Trunk can now use GeoIP ASN for immediate lookups without DNS. Sending UPGRADE Sending lib/Mail/SpamAssassin/Plugin/ASN.pm Transmitting file data ..done Committing transaction... Committed revision 1857580. In theory it should be always available to Bayes now.. but for some reason the putted_metadata doesn't seem to be used. Leaving this open to investigate more.
Bayes has access to ASN metadata now. Had to move processing from parsed_metadata to extract_metadata, so it happens before Bayes tokenizes. Sending trunk/lib/Mail/SpamAssassin/Plugin/ASN.pm Sending trunk/lib/Mail/SpamAssassin.pm Transmitting file data ..done Committing transaction... Committed revision 1888576.
As I understand it the default is using a DNS look-up to get the ASN information. So what happens when sa-learn runs? Does the look-up get repeated? If it doesn't the ASN tokens will come only from auto-training with no possibility of correction.

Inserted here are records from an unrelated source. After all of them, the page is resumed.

(* A unital multiplicative map, injective on a unital subalgebra U, preserves
   the norm on U: comparing the quadratic equations satisfied by x and f(x)
   shows that either N(f x) = N(x) or x is a multiple of e. *)
Lemma subalg_hom_norm {U : {vspace V}} {f : 'End(V)} :
  e \in U -> (forall x y, x \in U -> y \in U -> mul x y \in U) ->
  (forall x y, x \in U -> y \in U -> f (mul x y) = mul (f x) (f y)) ->
  (forall x, x \in U -> f x = 0 -> x = 0) -> f e = e ->
  forall x, x \in U -> N (f x) = N x.
Proof.
move=> eU U_mul f_mul f_inj fe x hx.
have hsq := f_mul x x hx hx; rewrite cmul_sqr [RHS]cmul_sqr linearB !linearZ /= fe in hsq.
have lin_dep : (pol x e - pol (f x) e) *: f x = (N x - N (f x)) *: e.
  apply: polar_inj => z; have hz := congr1 (fun v => pol v z) hsq; cbv beta in hz.
  rewrite ?scalerN in hz; expand_bilinear; rewrite !(polarBl, polarNl, polarZl) in hz.
  by apply: (@eq_by_combination _ _ _ _ 1 _ hz); ring.
have [T0|Tnz] := eqVneq (pol x e - pol (f x) e) 0.
  move: lin_dep; rewrite T0 scale0r => /esym/eqP; rewrite scaler_eq0 (negbTE e_neq0) orbF.
  by rewrite subr_eq0 => /eqP.
set c := (N x - N (f x)) / (pol x e - pol (f x) e).
have fx : f x = c *: e by rewrite /c mulrC -scalerA -lin_dep scalerA mulVf // scale1r.
have : x - c *: e = 0.
  by apply: f_inj; rewrite ?memvB ?memvZ // linearB linearZ /= fe fx subrr.
by move/eqP; rewrite subr_eq0 => /eqP ->; rewrite linearZ /= fe.
Qed.

Section Automorphism.
Context {f : 'End(V)} (f_aut : is_aut mul f).

Lemma aut_e : f e = e.
Proof.
case: f_aut => [[g _ gK] f_mul].
have fe_unit y : mul (f e) y = y by rewrite -[y]gK -f_mul cmul1l.
by rewrite -[f e]cmul1r fe_unit.
Qed.

Lemma aut_inj0 x : f x = 0 -> x = 0.
Proof. by case: f_aut => f_bij _ fx; apply: (bij_inj f_bij); rewrite fx linear0. Qed.
(* Let $n,m\ge 1$ and $V(n,m)=\{1,\dots,n\}\times\{1,\dots,m\}$. The minimum number of segments of a geometric tree (whether or not it is required to be noncrossing) covering $V(n,m)$ is $\min(n,m)$ if $n=1$ or $m=1$ or $n=m=2$, and $\min(n,m)+1$ otherwise.
   Context: A geometric tree is a finite abstract tree with at least one edge whose vertices are distinct points of the plane and whose edges are drawn as closed straight-line segments between their endpoints; it covers $P$ if $P$ is contained in the union of its edges; it is noncrossing if any two edges intersect only in a common endpoint. The number of segments of a geometric tree is the minimum number of closed straight-line segments whose union equals the union of the edges of the tree. *)

From Stdlib Require Import Reals List Relations.
Import ListNotations.
Open Scope R_scope.

Definition point : Type := (R * R)%type.

Definition on_seg (s : point * point) (x : point) : Prop :=
  exists t : R, 0 <= t <= 1 /\
    x = (fst (fst s) + t * (fst (snd s) - fst (fst s)),
         snd (fst s) + t * (snd (snd s) - snd (fst s))).

Record ggraph := GGraph { gverts : list point; gedges : list (point * point) }.

Definition gadj (T : ggraph) (p q : point) : Prop :=
  In (p, q) (gedges T) \/ In (q, p) (gedges T).
Lemma Phi_pi_ratr (R : realType) (c : set algC -> (algC -> R) -> rat) r : r != 0 ->
  Phi_pi c (ratr r) =
  - \sum_(p <- rat_primes r) ratr (c Qset (padic_place R p)) * (padic_val p r)%:~R.
Proof.
move=> r0; rewrite /Phi_pi Qgen_ratr /PhiK places_QE.
rewrite fsbig_image; last exact: padic_place_inj.
have primes_r : [set` rat_primes r] `<=` [set p | prime p].
  by move=> p; rewrite /= mem_primes => /andP[].
rewrite -sumrN [RHS]fsbig_seq ?primes_uniq //.
rewrite [RHS](fsbig_widen _ [set p | prime p]) //.
  apply: eq_fsbigr => p; rewrite inE => p_pr.
  rewrite prime_below_padic_place // padic_place_ratr ln_padic_abs //.
  by field; rewrite gt_eqF // ln_gt0 // ltr1n prime_gt1.
move=> p [/= p_pr /negP p_r]; rewrite /= padic_val_notin_rat_primes //.
by rewrite mulr0 oppr0.
Qed.

Lemma rat_primes_prime p : prime p -> rat_primes p%:Q = [:: p].
Proof. by move=> p_pr; rewrite /rat_primes numq_int denq_int muln1 primes_prime. Qed.

Theorem theorem2p1 (R : realType) (c : set algC -> (algC -> R) -> rat) :
  consistent c ->
  ((forall r : rat, r != 0 -> Phi_pi c (ratr r) = (Omega r)%:~R) <->
   (forall v : algC -> R, @places R Qset v -> c Qset v = -1)).
Proof.
(* Consistency only makes [Phi_c] independent of the field it is evaluated
   in; on [pi(Q^x)] it is computed directly in [Q(r) = Q]. *)
move=> _; split=> [Phi_Omega v [p v_p] | c_eq r r0].
  have p_pr := v_p.1; have p0 : p%:Q != 0 by rewrite pnatr_eq0 -lt0n prime_gt0.
  move: (Phi_Omega _ p0); rewrite Phi_pi_ratr // Omega_sum_padic_val //.
  rewrite rat_primes_prime // !big_seq1 padic_val_prime // eqxx mulr1.
  rewrite (place_over_QE v_p) => /eqP; rewrite eqr_oppLR -(rmorph1 (ratr : rat -> R)).
  by rewrite -rmorphN => /eqP /fmorph_inj.
rewrite Phi_pi_ratr // Omega_sum_padic_val // rmorph_sum -sumrN.
apply: eq_big_seq => p; rewrite mem_primes => /andP[p_pr _].
by rewrite c_eq ?rmorphN1 ?mulN1r ?opprK //; exists p; exact: padic_place_over.
Qed.
(* There exists a copula $C\in\mathcal{C}^3_{\rm c}$ with $d_\infty(C,\psi(C))\ge\frac{3}{16}$; in particular $\sup_{C\in\mathcal{C}^3_{\rm c}}d_\infty(C,\psi(C))\ge\frac{3}{16}$.
   Context: $\mathbb{I}=[0,1]$, $\lambda$ Lebesgue measure; $d_\infty(C_1,C_2)=\max_{\mathbf{x}\in\mathbb{I}^3}|C_1(\mathbf{x})-C_2(\mathbf{x})|$. Points of $\mathbb{I}^3$ are written $(\mathbf{u},v)$, $\mathbf{u}=(u_1,u_2)$. For a three-dimensional copula $C$, $K_C$ is (a version of) the regular conditional distribution of $(U_1,U_2)$ given $U_3=v$, $(U_1,U_2,U_3)\sim C$; $F_{1|3}(u_1|t)=K_C(t,[0,u_1]\times\mathbb{I})$, $F_{2|3}(u_2|t)=K_C(t,\mathbb{I}\times[0,u_2])$. $\mathcal{C}^3_{\rm c}$ is the set of three-dimensional copulas for which $F_{1|3}(\cdot|t)$ and $F_{2|3}(\cdot|t)$ are continuous for $\lambda$-a.e. $t$; for such $C$, for a.e. $t$ the conditional copula $C^t_{12;3}$ is the unique bivariate copula with $K_C(t,[\mathbf{0},\mathbf{u}])=C^t_{12;3}(F_{1|3}(u_1|t),F_{2|3}(u_2|t))$. The partial copula is $C_p(\mathbf{s})=\int_{\mathbb{I}}C^t_{12;3}(\mathbf{s})\,d\lambda(t)$ and the partial vine copula $\psi(C)$ is defined by $\psi(C)(\mathbf{u},v)=\int_{[0,v]}C_p(F_{1|3}(u_1|t),F_{2|3}(u_2|t))\,d\lambda(t)$. *)

From mathcomp Require Import all_boot all_order all_algebra.
From mathcomp Require Import all_classical all_reals all_analysis.
From mathcomp Require Import measurable_realfun.
Set Implicit Arguments.
Unset Strict Implicit.
Unset Printing Implicit Defensive.
Import Order.TTheory GRing.Theory Num.Theory.
Import numFieldNormedType.Exports.
Local Open Scope classical_set_scope.
Local Open Scope ring_scope.

Section Copulas.
Variable R : realType.

Definition inI (x : R) : bool := (0 <= x <= 1).

(* bivariate copula (only its values on I^2 matter) *)
Definition copula2 (C : R -> R -> R) : Prop :=
  (forall u, inI u -> [/\ C 0 u = 0, C u 0 = 0, C u 1 = u & C 1 u = u]) /\
  (forall a1 b1 a2 b2, inI a1 -> inI b1 -> inI a2 -> inI b2 ->
     a1 <= b1 -> a2 <= b2 ->
     0 <= C b1 b2 - C a1 b2 - C b1 a2 + C a1 a2).

(* three-dimensional copula (only its values on I^3 matter):
   grounded, uniform margins, 3-increasing *)
Definition copula3 (C : R -> R -> R -> R) : Prop :=
  [/\ (forall x y, inI x -> inI y ->
         [/\ C 0 x y = 0, C x 0 y = 0 & C x y 0 = 0]),
      (forall x, inI x -> [/\ C x 1 1 = x, C 1 x 1 = x & C 1 1 x = x]) &
      (forall a1 b1 a2 b2 a3 b3,
         inI a1 -> inI b1 -> inI a2 -> inI b2 -> inI a3 -> inI b3 ->
         a1 <= b1 -> a2 <= b2 -> a3 <= b3 ->
         0 <= C b1 b2 b3 - C a1 b2 b3 - C b1 a2 b3 - C b1 b2 a3
              + C a1 a2 b3 + C a1 b2 a3 + C b1 a2 a3 - C a1 a2 a3)].

(* K is a version of the regular conditional distribution K_C of (U1,U2)
   given U3 = t, where (U1,U2,U3) ~ C: a Markov kernel from R to R^2 with
   C(u,v) = int_[0,v] K(t,[0,u]) dlambda(t) for all (u,v) in I^3
   (this identity characterises the disintegration of the measure of C
   along its (uniform) third margin). *)
Definition cond_kernel (C : R -> R -> R -> R)
    (K : R -> probability (R * R)%type R) : Prop :=
  (forall A : set (R * R), measurable A ->
     measurable_fun [set: R] (K ^~ A)) /\
  (forall u1 u2 v, inI u1 -> inI u2 -> inI v ->
     (C u1 u2 v)%:E =
     (\int[@lebesgue_measure R]_(t in `[0%R, v])
        K t (`[0%R, u1] `*` `[0%R, u2]))%E).

Definition F13 (K : R -> probability (R * R)%type R) (t u1 : R) : R :=
  fine (K t (`[0%R, u1] `*` `[0%R, 1%R])).
Definition F23 (K : R -> probability (R * R)%type R) (t u2 : R) : R :=
  fine (K t (`[0%R, 1%R] `*` `[0%R, u2])).

(* the defining property of C^3_c, for the version K:
   for lambda-a.e. t in I, F_{1|3}(.|t) and F_{2|3}(.|t) are continuous *)
Definition cont_cond_dfs (K : R -> probability (R * R)%type R) : Prop :=
  {ae @lebesgue_measure R, forall t, inI t ->
     {within `[0%R, 1%R], continuous (F13 K t)} /\
     {within `[0%R, 1%R], continuous (F23 K t)}}.

Definition in_Cc (C : R -> R -> R -> R) : Prop :=
  copula3 C /\ exists K, cond_kernel C K /\ cont_cond_dfs K.

(* Ct t is (a version of) the conditional copula C^t_{12;3}: for a.e. t it is
   a bivariate copula with K(t,[0,u]) = C^t(F_{1|3}(u1|t), F_{2|3}(u2|t));
   we also ask t |-> C^t(s) to be measurable. *)
Definition cond_copulas (K : R -> probability (R * R)%type R)
    (Ct : R -> R -> R -> R) : Prop :=
  (forall s1 s2 : R, measurable_fun (`[0%R, 1%R] : set R) (fun t : R => Ct t s1 s2)) /\
  {ae @lebesgue_measure R, forall t, inI t ->
     copula2 (Ct t) /\
     (forall u1 u2, inI u1 -> inI u2 ->
        K t (`[0%R, u1] `*` `[0%R, u2]) =
        (Ct t (F13 K t u1) (F23 K t u2))%:E)}.

Definition partial_copula (Ct : R -> R -> R -> R) (s1 s2 : R) : R :=
  fine (\int[@lebesgue_measure R]_(t in `[0%R, 1%R]) (Ct t s1 s2)%:E)%E.

Definition pvc (K : R -> probability (R * R)%type R)
    (Ct : R -> R -> R -> R) (u1 u2 v : R) : R :=
  fine (\int[@lebesgue_measure R]_(t in `[0%R, v])
          (partial_copula Ct (F13 K t u1) (F23 K t u2))%:E)%E.

(* d_infty(C1,C2) = max over I^3 of |C1 - C2| (written as a sup) *)
Definition dinf (C1 C2 : R -> R -> R -> R) : R :=
  sup [set r | exists u1 u2 v, [/\ inI u1, inI u2, inI v &
                 r = `|C1 u1 u2 v - C2 u1 u2 v|]].

End Copulas.

From mathcomp Require Import all_boot all_order all_algebra.
From mathcomp Require Import all_classical all_reals all_analysis.
From mathcomp Require Import measurable_realfun.
From mathcomp Require Import ring lra.
Import Order.TTheory GRing.Theory Num.Theory.
Import numFieldNormedType.Exports.
Local Open Scope classical_set_scope.
Local Open Scope ring_scope.
Set Implicit Arguments.
Unset Strict Implicit.

(* Cut the conditioning variable t into the four quarters of I.  On the j-th
   quarter, (U1, U2) given U3 = t is a shuffle of Min that permutes the four
   quarters of I (a different permutation for each j), with one of its margins
   distorted by a piecewise linear distribution function, F(u) = max(u/2,
   3u/2 - 1/2) or its mirror 2u - F(u).  The conditional margins average to the
   uniform one, so C(u, v) = int_0^v K(t, [0, u]) dt is a 3-copula whose
   conditional distribution functions are continuous and whose conditional
   copulas are the four shuffles.  The partial copula is the average of the
   shuffles, but psi(C) evaluates it at the distorted arguments: at
   (1/2, 1/2, 1) one finds C = 3/8 and psi(C) = 3/16. *)

Ltac no_if t := lazymatch t with context [if _ then _ else _] => fail | _ => idtac end.

Ltac cases_lra := match goal with
  | |- context [if ?x <= ?y then _ else _] => no_if x; no_if y;
      case: (leP x y) => ? /=; try (exfalso; lra); cases_lra
  | |- context [if ?x < ?y then _ else _] => no_if x; no_if y;
      case: (ltP x y) => ? /=; try (exfalso; lra); cases_lra
  | _ => rewrite ?andTb ?andbT; lra
  end.

(* For closed comparisons: decide each test by lra instead of branching on it. *)
Ltac eval_ifs := repeat match goal with
  | |- context [if ?x <= ?y then _ else _] => no_if x; no_if y;
      first [ rewrite (_ : x <= y = true); last by apply/idP; lra
            | rewrite (_ : x <= y = false); last by apply/negbTE; rewrite -ltNge; lra ]
  | |- context [if ?x < ?y then _ else _] => no_if x; no_if y;
      first [ rewrite (_ : x < y = true); last by apply/idP; lra
            | rewrite (_ : x < y = false); last by apply/negbTE; rewrite -leNgt; lra ]
  end; lra.

Section quarters.
Variable R : realType.
Implicit Types k m t u v z : R.

Definition qclamp z : R := if z <= 0 then 0 else if z <= 1/4 then z else 1/4.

DNS is only used for ASN if GeoIP is not available. In reality Bayes can't even use any DNS based data, since tokenizing is done mere moments after async DNS is launched (dns prio -100, bayes -90). There is no time to wait for actual replies. Sa-learn doesn't even seem to harvest DNS replies, if some plugin decided to query stuff. I guess all this was the reason for docs saying that network lookups are not used even without -L. In the commit you see I blocked ASN from sending DNS needlessly when learning, for some reason it was the only one that did. Now thinking about it, I guess sa-learn -L should be made a default option.. not sure what kind of network based test would even produce usable Bayes data. ASN and any similar static data should be queried from local database.